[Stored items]
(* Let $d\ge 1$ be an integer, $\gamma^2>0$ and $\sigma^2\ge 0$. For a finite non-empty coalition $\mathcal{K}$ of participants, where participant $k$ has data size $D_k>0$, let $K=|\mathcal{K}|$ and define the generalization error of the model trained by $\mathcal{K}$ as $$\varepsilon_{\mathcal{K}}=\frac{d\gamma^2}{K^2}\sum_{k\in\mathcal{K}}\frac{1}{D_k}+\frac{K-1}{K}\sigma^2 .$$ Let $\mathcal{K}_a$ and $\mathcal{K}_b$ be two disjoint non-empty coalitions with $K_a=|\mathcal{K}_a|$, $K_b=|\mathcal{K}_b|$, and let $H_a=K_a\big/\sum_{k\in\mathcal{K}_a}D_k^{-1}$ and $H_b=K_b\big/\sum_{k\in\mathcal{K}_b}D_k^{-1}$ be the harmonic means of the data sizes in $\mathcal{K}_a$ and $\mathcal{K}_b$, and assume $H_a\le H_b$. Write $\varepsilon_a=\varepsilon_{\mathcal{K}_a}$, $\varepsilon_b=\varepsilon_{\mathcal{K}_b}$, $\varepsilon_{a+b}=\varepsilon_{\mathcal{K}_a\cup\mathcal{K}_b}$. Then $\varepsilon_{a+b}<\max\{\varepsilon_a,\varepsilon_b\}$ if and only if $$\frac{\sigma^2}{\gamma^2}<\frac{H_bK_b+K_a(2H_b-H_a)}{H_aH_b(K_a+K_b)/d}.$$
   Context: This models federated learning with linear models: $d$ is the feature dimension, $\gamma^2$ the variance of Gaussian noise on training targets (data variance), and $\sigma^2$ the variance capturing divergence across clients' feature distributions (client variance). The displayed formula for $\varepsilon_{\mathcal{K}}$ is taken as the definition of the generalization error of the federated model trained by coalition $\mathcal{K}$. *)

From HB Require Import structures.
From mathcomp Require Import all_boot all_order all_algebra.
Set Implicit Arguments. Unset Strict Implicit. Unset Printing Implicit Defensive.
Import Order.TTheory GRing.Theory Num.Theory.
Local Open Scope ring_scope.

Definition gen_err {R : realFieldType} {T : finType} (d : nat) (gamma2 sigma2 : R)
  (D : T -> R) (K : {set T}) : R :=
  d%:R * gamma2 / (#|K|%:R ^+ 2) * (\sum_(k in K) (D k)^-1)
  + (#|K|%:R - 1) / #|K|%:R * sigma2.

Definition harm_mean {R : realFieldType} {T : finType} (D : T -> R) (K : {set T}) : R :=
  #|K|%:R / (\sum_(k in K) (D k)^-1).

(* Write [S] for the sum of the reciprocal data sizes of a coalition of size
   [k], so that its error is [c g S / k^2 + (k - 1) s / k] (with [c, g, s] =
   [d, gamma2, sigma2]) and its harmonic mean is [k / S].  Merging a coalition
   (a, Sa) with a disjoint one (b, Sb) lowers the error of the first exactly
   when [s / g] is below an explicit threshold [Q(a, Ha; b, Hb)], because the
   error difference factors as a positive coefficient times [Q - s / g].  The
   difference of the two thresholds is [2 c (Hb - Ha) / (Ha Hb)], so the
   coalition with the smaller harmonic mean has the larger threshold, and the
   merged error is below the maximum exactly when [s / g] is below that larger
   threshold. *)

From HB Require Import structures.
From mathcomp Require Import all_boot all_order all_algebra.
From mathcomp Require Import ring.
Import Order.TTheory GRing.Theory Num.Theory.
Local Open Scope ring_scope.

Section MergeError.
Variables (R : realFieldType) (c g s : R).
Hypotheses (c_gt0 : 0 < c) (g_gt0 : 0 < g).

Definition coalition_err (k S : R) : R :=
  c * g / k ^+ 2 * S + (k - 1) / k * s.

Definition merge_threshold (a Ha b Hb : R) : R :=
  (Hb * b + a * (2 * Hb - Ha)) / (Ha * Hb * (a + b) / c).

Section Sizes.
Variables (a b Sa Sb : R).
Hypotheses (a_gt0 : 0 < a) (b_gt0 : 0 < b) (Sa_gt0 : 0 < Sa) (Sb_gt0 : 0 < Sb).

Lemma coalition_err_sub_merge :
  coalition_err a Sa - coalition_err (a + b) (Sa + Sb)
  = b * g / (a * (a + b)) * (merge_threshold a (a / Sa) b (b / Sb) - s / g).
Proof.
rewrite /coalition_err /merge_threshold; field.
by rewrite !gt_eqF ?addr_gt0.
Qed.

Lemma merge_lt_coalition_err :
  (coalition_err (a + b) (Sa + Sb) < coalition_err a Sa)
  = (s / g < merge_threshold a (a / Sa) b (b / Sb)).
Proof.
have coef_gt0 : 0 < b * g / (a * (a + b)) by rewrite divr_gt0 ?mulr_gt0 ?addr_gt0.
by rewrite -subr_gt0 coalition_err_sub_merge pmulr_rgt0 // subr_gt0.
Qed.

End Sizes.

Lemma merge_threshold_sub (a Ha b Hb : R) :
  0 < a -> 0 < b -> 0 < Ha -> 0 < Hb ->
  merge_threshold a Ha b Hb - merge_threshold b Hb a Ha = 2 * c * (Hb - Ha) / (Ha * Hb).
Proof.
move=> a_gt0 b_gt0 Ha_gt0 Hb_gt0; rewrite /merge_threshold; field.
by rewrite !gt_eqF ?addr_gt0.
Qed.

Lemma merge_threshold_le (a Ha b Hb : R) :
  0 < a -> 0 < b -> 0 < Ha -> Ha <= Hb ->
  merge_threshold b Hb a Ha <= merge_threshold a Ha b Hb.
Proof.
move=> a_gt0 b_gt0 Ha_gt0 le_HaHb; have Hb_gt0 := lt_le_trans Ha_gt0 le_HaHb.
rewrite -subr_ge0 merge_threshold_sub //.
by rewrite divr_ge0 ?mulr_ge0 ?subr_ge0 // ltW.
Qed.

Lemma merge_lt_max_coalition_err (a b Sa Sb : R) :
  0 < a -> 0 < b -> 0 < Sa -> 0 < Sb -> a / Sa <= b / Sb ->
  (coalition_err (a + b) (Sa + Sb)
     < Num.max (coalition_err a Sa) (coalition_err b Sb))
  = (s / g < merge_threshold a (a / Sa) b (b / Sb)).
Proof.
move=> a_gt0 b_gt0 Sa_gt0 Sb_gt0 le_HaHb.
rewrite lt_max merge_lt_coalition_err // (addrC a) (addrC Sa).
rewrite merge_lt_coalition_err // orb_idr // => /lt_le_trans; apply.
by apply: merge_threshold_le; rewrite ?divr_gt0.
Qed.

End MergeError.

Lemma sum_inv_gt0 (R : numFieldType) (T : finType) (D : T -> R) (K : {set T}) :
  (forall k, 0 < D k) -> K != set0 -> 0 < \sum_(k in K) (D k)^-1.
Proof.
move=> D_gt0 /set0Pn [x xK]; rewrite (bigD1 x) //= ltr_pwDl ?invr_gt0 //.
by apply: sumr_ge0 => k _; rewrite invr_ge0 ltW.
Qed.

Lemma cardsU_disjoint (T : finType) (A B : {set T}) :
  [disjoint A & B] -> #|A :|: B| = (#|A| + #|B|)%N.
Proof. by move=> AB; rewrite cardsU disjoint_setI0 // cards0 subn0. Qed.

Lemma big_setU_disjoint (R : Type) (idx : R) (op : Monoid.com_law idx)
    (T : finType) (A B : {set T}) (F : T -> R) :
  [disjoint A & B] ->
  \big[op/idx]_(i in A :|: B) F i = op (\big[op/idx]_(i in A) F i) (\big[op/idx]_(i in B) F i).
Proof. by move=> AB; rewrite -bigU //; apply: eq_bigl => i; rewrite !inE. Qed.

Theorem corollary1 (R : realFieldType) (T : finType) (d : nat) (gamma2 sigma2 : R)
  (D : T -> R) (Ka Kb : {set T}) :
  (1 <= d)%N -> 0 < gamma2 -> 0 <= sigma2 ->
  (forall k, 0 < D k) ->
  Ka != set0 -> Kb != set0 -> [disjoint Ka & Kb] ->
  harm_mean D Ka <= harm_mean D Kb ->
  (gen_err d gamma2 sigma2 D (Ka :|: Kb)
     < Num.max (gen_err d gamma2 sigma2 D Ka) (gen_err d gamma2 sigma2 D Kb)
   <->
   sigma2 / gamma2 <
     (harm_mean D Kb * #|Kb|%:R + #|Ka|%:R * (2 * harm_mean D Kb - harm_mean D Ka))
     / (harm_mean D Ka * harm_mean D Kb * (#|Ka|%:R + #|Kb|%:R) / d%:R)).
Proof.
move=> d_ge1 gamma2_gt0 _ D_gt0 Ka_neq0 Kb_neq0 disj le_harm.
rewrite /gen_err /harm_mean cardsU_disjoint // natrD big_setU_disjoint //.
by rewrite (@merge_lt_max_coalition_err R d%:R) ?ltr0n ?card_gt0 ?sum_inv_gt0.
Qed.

==

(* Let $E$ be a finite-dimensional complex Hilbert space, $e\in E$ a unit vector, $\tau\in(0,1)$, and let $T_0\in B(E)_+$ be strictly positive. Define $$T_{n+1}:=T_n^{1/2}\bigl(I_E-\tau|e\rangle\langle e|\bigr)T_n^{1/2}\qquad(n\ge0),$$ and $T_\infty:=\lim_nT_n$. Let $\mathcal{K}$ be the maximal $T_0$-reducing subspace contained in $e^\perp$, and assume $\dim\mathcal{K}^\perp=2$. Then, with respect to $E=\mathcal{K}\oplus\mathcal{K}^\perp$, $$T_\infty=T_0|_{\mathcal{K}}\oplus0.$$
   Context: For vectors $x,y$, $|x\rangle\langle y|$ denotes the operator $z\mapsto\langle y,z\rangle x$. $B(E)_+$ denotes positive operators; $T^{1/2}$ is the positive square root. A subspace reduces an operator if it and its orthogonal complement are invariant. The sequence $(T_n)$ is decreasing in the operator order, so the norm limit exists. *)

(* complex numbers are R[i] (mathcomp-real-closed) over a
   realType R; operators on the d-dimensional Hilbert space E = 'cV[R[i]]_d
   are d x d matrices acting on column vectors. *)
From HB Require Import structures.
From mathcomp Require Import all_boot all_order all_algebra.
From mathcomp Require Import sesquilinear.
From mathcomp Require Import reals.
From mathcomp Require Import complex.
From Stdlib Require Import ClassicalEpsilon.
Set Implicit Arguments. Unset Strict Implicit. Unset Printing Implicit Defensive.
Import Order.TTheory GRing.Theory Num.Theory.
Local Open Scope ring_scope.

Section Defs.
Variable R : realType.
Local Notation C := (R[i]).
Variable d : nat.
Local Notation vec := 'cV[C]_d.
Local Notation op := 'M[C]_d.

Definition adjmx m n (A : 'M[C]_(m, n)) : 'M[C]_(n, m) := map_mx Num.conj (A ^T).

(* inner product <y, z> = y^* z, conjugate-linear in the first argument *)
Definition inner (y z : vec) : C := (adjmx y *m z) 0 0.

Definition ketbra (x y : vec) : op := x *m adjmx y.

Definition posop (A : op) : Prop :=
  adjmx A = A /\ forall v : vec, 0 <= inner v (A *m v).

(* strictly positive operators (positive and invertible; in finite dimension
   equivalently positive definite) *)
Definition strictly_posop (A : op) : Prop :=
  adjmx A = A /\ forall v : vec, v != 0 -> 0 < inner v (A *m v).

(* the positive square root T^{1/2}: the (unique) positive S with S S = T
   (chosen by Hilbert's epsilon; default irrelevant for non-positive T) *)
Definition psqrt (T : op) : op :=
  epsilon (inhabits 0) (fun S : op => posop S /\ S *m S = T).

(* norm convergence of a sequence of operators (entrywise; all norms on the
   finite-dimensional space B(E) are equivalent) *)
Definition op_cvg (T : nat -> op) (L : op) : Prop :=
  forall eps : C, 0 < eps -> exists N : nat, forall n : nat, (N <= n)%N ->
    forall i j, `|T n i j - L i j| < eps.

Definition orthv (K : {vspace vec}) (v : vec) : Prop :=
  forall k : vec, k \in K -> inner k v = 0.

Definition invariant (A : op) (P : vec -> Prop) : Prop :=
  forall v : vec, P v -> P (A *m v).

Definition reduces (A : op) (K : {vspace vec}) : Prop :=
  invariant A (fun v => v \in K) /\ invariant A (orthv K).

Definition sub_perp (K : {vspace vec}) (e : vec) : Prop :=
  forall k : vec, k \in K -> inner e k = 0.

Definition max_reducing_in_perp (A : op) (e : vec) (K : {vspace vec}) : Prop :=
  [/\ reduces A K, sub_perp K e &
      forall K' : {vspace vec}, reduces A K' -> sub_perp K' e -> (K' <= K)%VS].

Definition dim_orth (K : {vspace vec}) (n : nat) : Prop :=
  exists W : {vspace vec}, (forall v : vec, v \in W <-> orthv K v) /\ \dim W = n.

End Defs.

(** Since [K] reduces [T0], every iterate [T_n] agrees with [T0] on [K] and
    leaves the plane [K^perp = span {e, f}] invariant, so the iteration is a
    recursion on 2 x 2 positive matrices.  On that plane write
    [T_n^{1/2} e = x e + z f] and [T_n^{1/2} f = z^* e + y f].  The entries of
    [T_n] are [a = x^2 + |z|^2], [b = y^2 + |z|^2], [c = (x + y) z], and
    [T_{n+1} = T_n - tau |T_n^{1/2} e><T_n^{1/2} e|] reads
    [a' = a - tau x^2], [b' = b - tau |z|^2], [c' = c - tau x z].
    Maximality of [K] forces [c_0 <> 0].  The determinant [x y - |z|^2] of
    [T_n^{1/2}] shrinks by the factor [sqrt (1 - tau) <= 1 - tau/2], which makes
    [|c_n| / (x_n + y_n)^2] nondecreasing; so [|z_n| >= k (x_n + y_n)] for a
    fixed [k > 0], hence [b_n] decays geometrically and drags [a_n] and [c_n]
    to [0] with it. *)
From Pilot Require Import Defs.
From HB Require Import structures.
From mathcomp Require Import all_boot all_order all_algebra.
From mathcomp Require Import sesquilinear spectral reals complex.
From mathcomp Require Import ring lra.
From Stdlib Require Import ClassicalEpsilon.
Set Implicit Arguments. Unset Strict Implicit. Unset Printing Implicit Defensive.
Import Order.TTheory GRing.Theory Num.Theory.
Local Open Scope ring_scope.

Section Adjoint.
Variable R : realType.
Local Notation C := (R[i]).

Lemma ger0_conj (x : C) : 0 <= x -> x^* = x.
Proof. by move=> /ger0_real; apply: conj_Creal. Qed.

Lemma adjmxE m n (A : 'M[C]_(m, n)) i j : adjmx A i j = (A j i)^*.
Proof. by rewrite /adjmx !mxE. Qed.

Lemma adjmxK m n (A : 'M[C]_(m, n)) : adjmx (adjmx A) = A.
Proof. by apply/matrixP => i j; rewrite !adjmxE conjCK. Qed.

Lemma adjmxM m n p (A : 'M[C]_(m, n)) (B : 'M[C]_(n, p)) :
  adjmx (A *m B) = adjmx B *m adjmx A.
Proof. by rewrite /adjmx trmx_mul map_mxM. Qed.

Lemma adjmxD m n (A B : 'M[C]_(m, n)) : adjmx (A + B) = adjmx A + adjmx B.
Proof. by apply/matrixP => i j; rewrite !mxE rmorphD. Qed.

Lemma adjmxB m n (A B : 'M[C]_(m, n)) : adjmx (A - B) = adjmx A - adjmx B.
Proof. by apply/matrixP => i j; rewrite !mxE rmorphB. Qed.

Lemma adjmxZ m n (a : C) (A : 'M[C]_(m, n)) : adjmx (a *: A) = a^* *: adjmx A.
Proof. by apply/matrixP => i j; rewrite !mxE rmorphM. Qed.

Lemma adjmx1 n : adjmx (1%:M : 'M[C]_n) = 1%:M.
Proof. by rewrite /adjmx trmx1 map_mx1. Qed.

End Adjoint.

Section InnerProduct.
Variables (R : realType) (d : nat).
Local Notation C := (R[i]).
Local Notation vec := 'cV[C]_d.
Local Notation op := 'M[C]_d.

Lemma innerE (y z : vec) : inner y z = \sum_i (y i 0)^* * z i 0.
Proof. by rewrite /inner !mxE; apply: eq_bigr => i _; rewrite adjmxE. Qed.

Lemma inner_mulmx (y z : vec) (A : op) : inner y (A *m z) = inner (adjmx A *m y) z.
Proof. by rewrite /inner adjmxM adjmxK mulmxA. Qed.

==

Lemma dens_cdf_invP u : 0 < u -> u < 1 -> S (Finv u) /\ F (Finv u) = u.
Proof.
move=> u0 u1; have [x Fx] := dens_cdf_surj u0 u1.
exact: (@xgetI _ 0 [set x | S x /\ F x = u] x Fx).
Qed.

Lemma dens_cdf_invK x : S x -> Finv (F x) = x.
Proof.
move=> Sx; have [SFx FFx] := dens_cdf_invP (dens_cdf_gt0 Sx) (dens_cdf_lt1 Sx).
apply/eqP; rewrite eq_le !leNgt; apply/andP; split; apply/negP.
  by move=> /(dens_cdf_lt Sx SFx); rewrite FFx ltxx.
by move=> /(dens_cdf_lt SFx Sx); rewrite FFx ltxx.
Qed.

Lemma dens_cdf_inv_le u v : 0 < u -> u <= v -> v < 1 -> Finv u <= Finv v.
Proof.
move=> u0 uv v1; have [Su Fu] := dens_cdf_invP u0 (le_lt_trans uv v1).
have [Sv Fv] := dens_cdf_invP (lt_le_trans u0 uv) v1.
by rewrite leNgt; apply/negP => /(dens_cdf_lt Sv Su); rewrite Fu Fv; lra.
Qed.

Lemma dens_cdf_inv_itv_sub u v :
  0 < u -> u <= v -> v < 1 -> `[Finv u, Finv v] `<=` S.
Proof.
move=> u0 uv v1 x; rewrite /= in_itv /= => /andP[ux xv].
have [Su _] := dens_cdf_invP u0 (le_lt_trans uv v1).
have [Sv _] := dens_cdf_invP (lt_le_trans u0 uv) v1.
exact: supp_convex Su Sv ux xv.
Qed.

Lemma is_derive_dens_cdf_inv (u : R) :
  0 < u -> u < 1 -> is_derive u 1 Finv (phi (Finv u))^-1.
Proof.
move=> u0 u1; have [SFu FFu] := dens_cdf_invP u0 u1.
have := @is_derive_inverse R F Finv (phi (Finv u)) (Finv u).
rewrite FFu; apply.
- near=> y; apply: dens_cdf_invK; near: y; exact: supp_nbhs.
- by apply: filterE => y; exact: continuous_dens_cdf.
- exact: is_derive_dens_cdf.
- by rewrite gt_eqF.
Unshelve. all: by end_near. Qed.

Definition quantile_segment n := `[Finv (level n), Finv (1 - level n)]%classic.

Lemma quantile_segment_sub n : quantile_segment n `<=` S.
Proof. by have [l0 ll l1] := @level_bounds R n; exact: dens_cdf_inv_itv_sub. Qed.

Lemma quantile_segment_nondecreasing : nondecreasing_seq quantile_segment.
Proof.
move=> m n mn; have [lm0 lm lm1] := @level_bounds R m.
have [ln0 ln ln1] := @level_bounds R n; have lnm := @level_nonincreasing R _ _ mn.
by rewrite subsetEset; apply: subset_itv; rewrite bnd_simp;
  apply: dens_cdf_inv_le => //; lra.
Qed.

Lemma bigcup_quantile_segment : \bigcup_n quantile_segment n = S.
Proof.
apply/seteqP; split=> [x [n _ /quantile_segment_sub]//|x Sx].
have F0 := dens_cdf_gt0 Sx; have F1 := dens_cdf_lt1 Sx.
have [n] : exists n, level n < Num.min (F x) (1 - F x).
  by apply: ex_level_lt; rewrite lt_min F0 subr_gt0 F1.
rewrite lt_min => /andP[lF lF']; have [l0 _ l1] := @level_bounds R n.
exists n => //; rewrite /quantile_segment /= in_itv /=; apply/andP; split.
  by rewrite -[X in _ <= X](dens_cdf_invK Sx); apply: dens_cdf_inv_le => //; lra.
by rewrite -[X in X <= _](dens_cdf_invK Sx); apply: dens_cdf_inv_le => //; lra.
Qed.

◆ Exercise
Search the entries for the word "sesquilinear". Copy each line where it appears.

◆ Final answer
From mathcomp Require Import sesquilinear.
From mathcomp Require Import sesquilinear spectral reals complex.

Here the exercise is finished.